Documentation, supply-chain, and repo-hygiene release.  No user-facing
Python API surface changes.

**Documentation:**

- Multiple docs still claimed warm-start was rejected, SHAP required
  ``leaf_model="constant"``, interaction constraints did not exist, or
  rankers were single-label only after v0.7.1 actually shipped those
  features.  README, ``docs/user/*.md``, the Sphinx mirror under
  ``docs/site/source/*.rst``, ``docs/roadmap/current.md``,
  ``CLAUDE.md``, ``AGENTS.md``, and ``benchmarks/README.md`` are now
  consistent with the v0.7.1 surface that actually shipped.
- ``docs/reference/release_checklist.md`` is now a top-to-bottom
  operating manual covering version bumps, doc updates, verification,
  tag/publish, and post-release bookkeeping.
- ``docs/site/source/api.rst`` now auto-documents
  :class:`~alloygbm.MultiLabelGBMRanker` (was missing in v0.7.1).
- New ``examples/`` directory with 8 self-contained end-to-end scripts.
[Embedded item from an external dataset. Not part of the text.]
(* Let $\sigma_1\prec\dots\prec\sigma_m$ be sign strings, $\varphi\in\mathbb{R}$, and suppose $\gamma\in\mathscr{M}(Q)$ is $(\varphi,\varepsilon_j)$-quasicritical of type $\sigma_j$ for each $j\in[m]$, where $\varepsilon_j\in(0,\pi/4)$. Then $\varepsilon_{j+1}>2\varepsilon_j$ for each $j\in[m-1]$.
   Context: $[n]=\{1,\dots,n\}$; signs $\pm$ are identified with $\pm1$. A sign string is $\sigma:[l]\to\{\pm1\}$, $l\ge2$, with alternating consecutive values; $|\sigma|=l$; $\sigma_1\prec\sigma_2$ means $\sigma_1\neq\sigma_2$ and $\sigma_1=\sigma_2\circ f$ for some strictly increasing $f$. Fix $Q=(q,z)\in\mathbb{C}\times\mathbb{S}^1$, $z\ne-1$, $\theta_1\in(-\pi,\pi)$ with $e^{i\theta_1}=z$, and $r\ge2$. $\mathscr{M}(Q)$ is the space of regular $C^r$ curves $\gamma:[0,1]\to\mathbb{C}$ with $\gamma(0)=0$, unit tangent $\mathbf{t}_\gamma(0)=1$, $\gamma(1)=q$, $\mathbf{t}_\gamma(1)=z$, curvature $\kappa_\gamma\in(-1,1)$ everywhere, and $\theta_\gamma(1)=\theta_1$, where $\theta_\gamma$ is the continuous argument of $\mathbf{t}_\gamma$ with $\theta_\gamma(0)=0$. For $\varphi\in\mathbb{R}$ write $\varphi_\pm=\varphi\pm\pi/2$. Stretchability: for $\kappa_0\in(0,1)$ and $r_0,r_b\in\mathbb{R}$, $b>0$, let $F(u)=u/\sqrt{1-u^2}$ ($|u|<1$), $F=+\infty$ for $u\ge1$, $-\infty$ for $u\le-1$; $g_\pm(x)=F(\pm\kappa_0x+r_0/\sqrt{1+r_0^2})$, $h_\pm(x)=F(\mp\kappa_0(x-b)+r_b/\sqrt{1+r_b^2})$; $\lambda_+$ (resp. $\lambda_-$) is the common real value of $g_+,h_+$ (resp. $g_-,h_-$) where their graphs meet, or $+\infty$ (resp. $-\infty$) if they do not. If $I\subset[0,1]$ is a closed interval and $\langle\mathbf{t}_\gamma(t),e^{i\psi}\rangle>0$ on $I$, then after translating and rotating by $-\psi$, $\gamma|_I$ is the graph $x\mapsto(x,y(x))$, $x\in[0,b]$; put $f=y'$, $r_0=f(0)$, $r_b=f(b)$. $\gamma|_I$ is $\kappa_0$-stretchable with respect to $e^{i\psi}$ if $|\kappa_\gamma|\le\kappa_0$ on $I$ and $0\in[\lambda_-,\lambda_+]$; it is stretchable with respect to $e^{i\psi}$ (or w.r.t. $\psi$) if it is $\kappa_0$-stretchable for some $\kappa_0\in(0,1)$. Quasicritical: for a sign string $\sigma$, $n=|\sigma|$, $\varphi\in\mathbb{R}$, $\varepsilon\in(0,\pi/4)$, $\gamma$ is $(\varphi,\varepsilon)$-quasicritical of type $\sigma$ if there are closed intervals $J_1<\dots<J_n$ in $[0,1]$ such that for each $k\in[n]$: (i) $\theta_\gamma(J_k)\subset(\varphi_-+2\varepsilon,\varphi_++\varepsilon)$ if $\sigma(k)=+$ and $\theta_\gamma(J_k)\subset(\varphi_--\varepsilon,\varphi_+-2\varepsilon)$ if $\sigma(k)=-$; (ii) $|\theta_\gamma(t)-\varphi|<\pi/2-2\varepsilon$ for all $t\notin\operatorname{Int}(\bigcup_kJ_k)$; (iii) $J_k$ contains a closed subinterval $I_k$ with $|\theta_\gamma(t)-\varphi_{\sigma(k)}|<\varepsilon$ for all $t\in I_k$ and $\gamma|_{I_k}$ stretchable with respect to $\varphi_{\sigma(k)}$. *)

From Stdlib Require Import Reals Lra List.
Open Scope R_scope.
**Repo hygiene & supply chain:**

- CI now runs the full pytest suite (455 tests) on every PR.  v0.7.1
  built the wheel and ran a handful of smoke snippets but never
  invoked ``pytest bindings/python/tests/`` — the Python test suite
  was not enforced on merge.
- ``Cargo.lock`` is tracked.
- ``maturin`` pinned in ``publish.yml`` to the same SemVer range
  declared in ``pyproject.toml``.
- ``cargo-audit`` + ``cargo-deny`` run weekly and on every PR that
  touches Cargo manifests, configured via the new ``deny.toml``.
- Coverage reporting via ``cargo-llvm-cov`` + ``pytest-cov`` →
  Codecov.
- ``publish = false`` on every workspace crate.
- New ``CONTRIBUTING.md``, ``SECURITY.md``, GitHub issue / PR /
  CODEOWNERS / Dependabot configs, ``.editorconfig``,
  ``requirements-dev.txt``, README badges.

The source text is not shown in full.